## Exercise aim
Output every line from the beginning of the records through the line that contains "have := leq_mul le_aj (leqnn m) => le_am.", exactly as it appears.

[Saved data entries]
########################################

Lemma low_coset_type i y : has_type (low_coset i y) (shape d (i %/ m) (0 < i %% m)%N).
Proof.
move=> j; rewrite /shape proj_low_coset.
have := divn_eq i m; have := ltn_pmod i m_gt0.
set a := i %/ m; set r := i %% m => lt_rm def_i.
case: ltnP => [lt_ja | le_aj].
  have := leq_mul lt_ja (leqnn m); rewrite mulSn => le_jm.
  by rewrite low_coset_full ?cards1 //; lia.
have := leq_mul le_aj (leqnn m) => le_am.
case: ltnP => [lt_jab | le_abj].
  case: (posnP r) => [r0 | r_gt0]; first by move: lt_jab; rewrite r0 addn0 ltnNge le_aj.
  have -> : (i - j * m = r)%N by move: lt_jab; rewrite r_gt0 addn1 ltnS => le_ja; nia.
  by apply: card_low_coset_proper; rewrite r_gt0.
suff -> : (i - j * m = 0)%N by rewrite low_coset0.
move: le_abj; case: (posnP r) => [r0 | r_gt0]; rewrite ?addn0 ?addn1 => le_j; last first.
  by have := leq_mul le_j (leqnn m); rewrite mulSn; lia.
by have := leq_mul le_j (leqnn m); lia.
Qed.

Lemma parallel_sbox_type gamma gammas D c :
  parallel_sbox gamma gammas -> has_type D c -> has_type (gamma @: D) c.
Proof.
move=> sbox typeD j.
have proj_gamma : proj j (gamma @: D) = gammas j @: proj j D.
  by rewrite /proj -!imset_comp; apply: eq_imset => v /=; rewrite sbox.
have card_proj : #|proj j (gamma @: D)| = #|proj j D|.
  by rewrite proj_gamma card_imset //; apply: perm_inj.
move: (typeD j); case: (c j); rewrite ?card_proj // => projT.
by apply/eqP; rewrite eqEcard subsetT card_proj projT leqnn.
Qed.

Lemma non_type_preserving_low_coset_shape lambda i D :
    non_type_preserving lambda -> (0 < i < m * d)%N ->
    has_type D (shape d (i %/ m) (0 < i %% m)%N) ->
  ~ has_type (lambda @: D) (shape d (i %/ m) (0 < i %% m)%N).
Proof.
move=> ntp /andP[i_gt0 lt_i]; have := divn_eq i m; have := ltn_pmod i m_gt0.
set a := i %/ m; set r := i %% m => lt_rm def_i.
have lt_ad : (a < d)%N by rewrite ltn_divLR // mulnC.
apply: (ntp a (0 < r)%N (d - (a + (0 < r)))); rewrite ?leq_b1 //; case: (posnP r) => r0; nia.
Qed.
Lemma pseries_diffs_expm_coef p i j :
  pseries_diffs (expm_coef p i j) = expm_coef p.+1 i j.
Proof.
apply/funext => k; rewrite /pseries_diffs /expm_coef factS natrM addSnnS.
have k1_neq0 : (k.+1%:R : R) != 0 by rewrite pnatr_eq0.
have kf_neq0 : (k`!%:R : R) != 0 by rewrite pnatr_eq0 -lt0n fact_gt0.
by field; rewrite kf_neq0 addrC natr1 k1_neq0.
Qed.

Lemma pseries_expm_coef p i j t N :
  pseries (expm_coef p i j) t N = (A ^+ p *m expm_sum t N) i j.
Proof.
rewrite /pseries /series /= big_mkord mulmx_sumr summxE.
apply: eq_bigr => k _.
rewrite -scalemxAr mxE mulmxE -exprD addnC.
by rewrite /expm_coef; ring.
Qed.

Lemma expm_sum_cvg t i j : cvgn (fun N => expm_sum t N i j).
Proof.
suff <- : pseries (expm_coef 0 i j) t = fun N => expm_sum t N i j.
  exact: expm_coef_cvg.
by apply/funext => N; rewrite pseries_expm_coef expr0 mul1mx.
Qed.

Lemma expmE t i j : expm t A i j = limn (pseries (expm_coef 0 i j) t).
Proof.
rewrite mxE; congr (limn _); apply/funext => N.
by rewrite pseries_expm_coef expr0 mul1mx.
Qed.

Lemma mulmx_expmC t : A *m expm t A = expm t A *m A.
Proof.
have sum_comm N : A *m expm_sum t N = expm_sum t N *m A.
  rewrite mulmx_sumr mulmx_suml; apply: eq_bigr => k _.
  by rewrite -scalemxAr -scalemxAl !mulmxE -exprS -exprSr.
apply/matrixP => i j.
rewrite -[expm t A]/(\matrix_(i, j) limn (fun N => expm_sum t N i j)).
rewrite -limn_mulmxl -?limn_mulmxr; [|exact: expm_sum_cvg..].
by under eq_fun do rewrite sum_comm.
Qed.

Lemma is_derive_expm t : is_derive_mx t (fun s => expm s A) (A *m expm t A).
Proof.
move=> i j; under eq_fun do rewrite expmE.
have -> : (A *m expm t A) i j = limn (pseries (expm_coef 1 i j) t).
  have -> : pseries (expm_coef 1 i j) t = fun N => (A *m expm_sum t N) i j.
    by apply/funext => N; rewrite pseries_expm_coef expr1.
  by rewrite limn_mulmxl //; apply: expm_sum_cvg.
rewrite -pseries_diffs_expm_coef.
apply: (@pseries_snd_diffs _ _ (`|t| + 1)); rewrite ?pseries_diffs_expm_coef.
- exact: expm_coef_cvg.
- exact: expm_coef_cvg.
- exact: expm_coef_cvg.
- by rewrite [ltRHS]ger0_norm ?addr_ge0 // ltrDl.
Qed.

Lemma continuous_expm i j : continuous (fun s => expm s A i j).
Proof.
by apply: is_derive_mx_continuous => t; exists (A *m expm t A); exact: is_derive_expm.
Qed.

Lemma expm0 : expm 0 A = 1%:M.
Proof.
apply/matrixP => i j; rewrite mxE; apply: lim_near_cst => //.
near=> N; have -> : N = N.-1.+1 by rewrite prednK //; near: N; exists 1%N.
rewrite /expm_sum big_ord_recl big1 ?addr0 => [|k _].
  by rewrite expr0 fact0 divr1 scale1r expr0.
by rewrite expr0n /= mul0r scale0r.
Unshelve. all: by end_near.
Qed.

Lemma is_derive_expmN t :
  is_derive_mx t (fun s => expm (- s) A) (- (A *m expm (- t) A)).
Proof.
move=> i j; rewrite mxE.
have := is_derive1_comp (is_derive_expm (- t) i j) (is_deriveNid t 1).
by move=> D; apply: is_derive_eq D _; rewrite mulrN1.
Qed.

Lemma continuous_expmN i j : continuous (fun s => expm (- s) A i j).
Proof.
apply: is_derive_mx_continuous => t; exists (- (A *m expm (- t) A)).
exact: is_derive_expmN.
Qed.

Lemma expm_mulN t : expm t A *m expm (- t) A = 1%:M.
Proof.
apply/matrixP => i j.
have D0 s : is_derive s (1 : R) (fun s => (expm s A *m expm (- s) A) i j) 0.
  apply: is_derive_eq; first exact: is_derive_mx_mul (is_derive_expm s)
                                     (is_derive_expmN s) i j.
  by rewrite mulmxN mulmx_expmC mulmxA subrr mxE.
by rewrite (is_derive_0_is_cst t 0 D0) oppr0 expm0 mul1mx.
Qed.

End MatrixExponential.

Section MatrixIntegral.
Context d (T : measurableType d) (R : realType).
Variables (mu : {measure set T -> \bar R}) (D : set T).
Hypothesis mD : measurable D.

Definition mx_integrable p q (M : T -> 'M[R]_(p, q)) :=
  forall i j, mu.-integrable D (EFin \o fun x => M x i j).

Definition mx_Rintegral p q (M : T -> 'M[R]_(p, q)) : 'M[R]_(p, q) :=
  \matrix_(i, j) Rintegral mu D (fun x => M x i j).

Lemma integrable_sum_EFin (I : Type) (r : seq I) (f : I -> T -> R) :
  (forall k, mu.-integrable D (EFin \o f k)) ->
  mu.-integrable D (EFin \o fun x => \sum_(k <- r) f k x).
Proof.
move=> intf.
have -> : EFin \o (fun x => \sum_(k <- r) f k x) = fun x => \sum_(k <- r) (f k x)%:E.
  by apply/funext => x; rewrite /= sumEFin.
by apply: integrable_sum => // k _; apply: intf.
Qed.

Lemma integrableZl_EFin c (f : T -> R) :
  mu.-integrable D (EFin \o f) -> mu.-integrable D (EFin \o fun x => c * f x).
Proof.
move=> intf; have -> : EFin \o (fun x => c * f x) = fun x => (c%:E * (EFin \o f) x)%E.
  by apply/funext => x; rewrite /= EFinM.
exact: integrableZl.
Qed.

Lemma integrableD_EFin (f g : T -> R) :
  mu.-integrable D (EFin \o f) -> mu.-integrable D (EFin \o g) ->
  mu.-integrable D (EFin \o fun x => f x + g x).
Proof.
move=> intf intg; have -> : EFin \o (fun x => f x + g x) = (EFin \o f) \+ (EFin \o g).
  by apply/funext => x; rewrite /= EFinD.
exact: integrableD.
Qed.

Lemma Rintegral_sum (I : Type) (r : seq I) (f : I -> T -> R) :
  (forall k, mu.-integrable D (EFin \o f k)) ->
  Rintegral mu D (fun x => \sum_(k <- r) f k x) = \sum_(k <- r) Rintegral mu D (f k).
Proof.
move=> intf; elim: r => [|k r IHr].
  by under eq_fun do rewrite big_nil; rewrite Rintegral_cst // mul0r big_nil.
under eq_fun do rewrite big_cons.
by rewrite RintegralD // ?big_cons ?IHr //; apply: integrable_sum_EFin.
Qed.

########################################

## Written answer
Lemma low_coset_type i y : has_type (low_coset i y) (shape d (i %/ m) (0 < i %% m)%N).
Proof.
move=> j; rewrite /shape proj_low_coset.
have := divn_eq i m; have := ltn_pmod i m_gt0.
set a := i %/ m; set r := i %% m => lt_rm def_i.
case: ltnP => [lt_ja | le_aj].
  have := leq_mul lt_ja (leqnn m); rewrite mulSn => le_jm.
  by rewrite low_coset_full ?cards1 //; lia.
have := leq_mul le_aj (leqnn m) => le_am.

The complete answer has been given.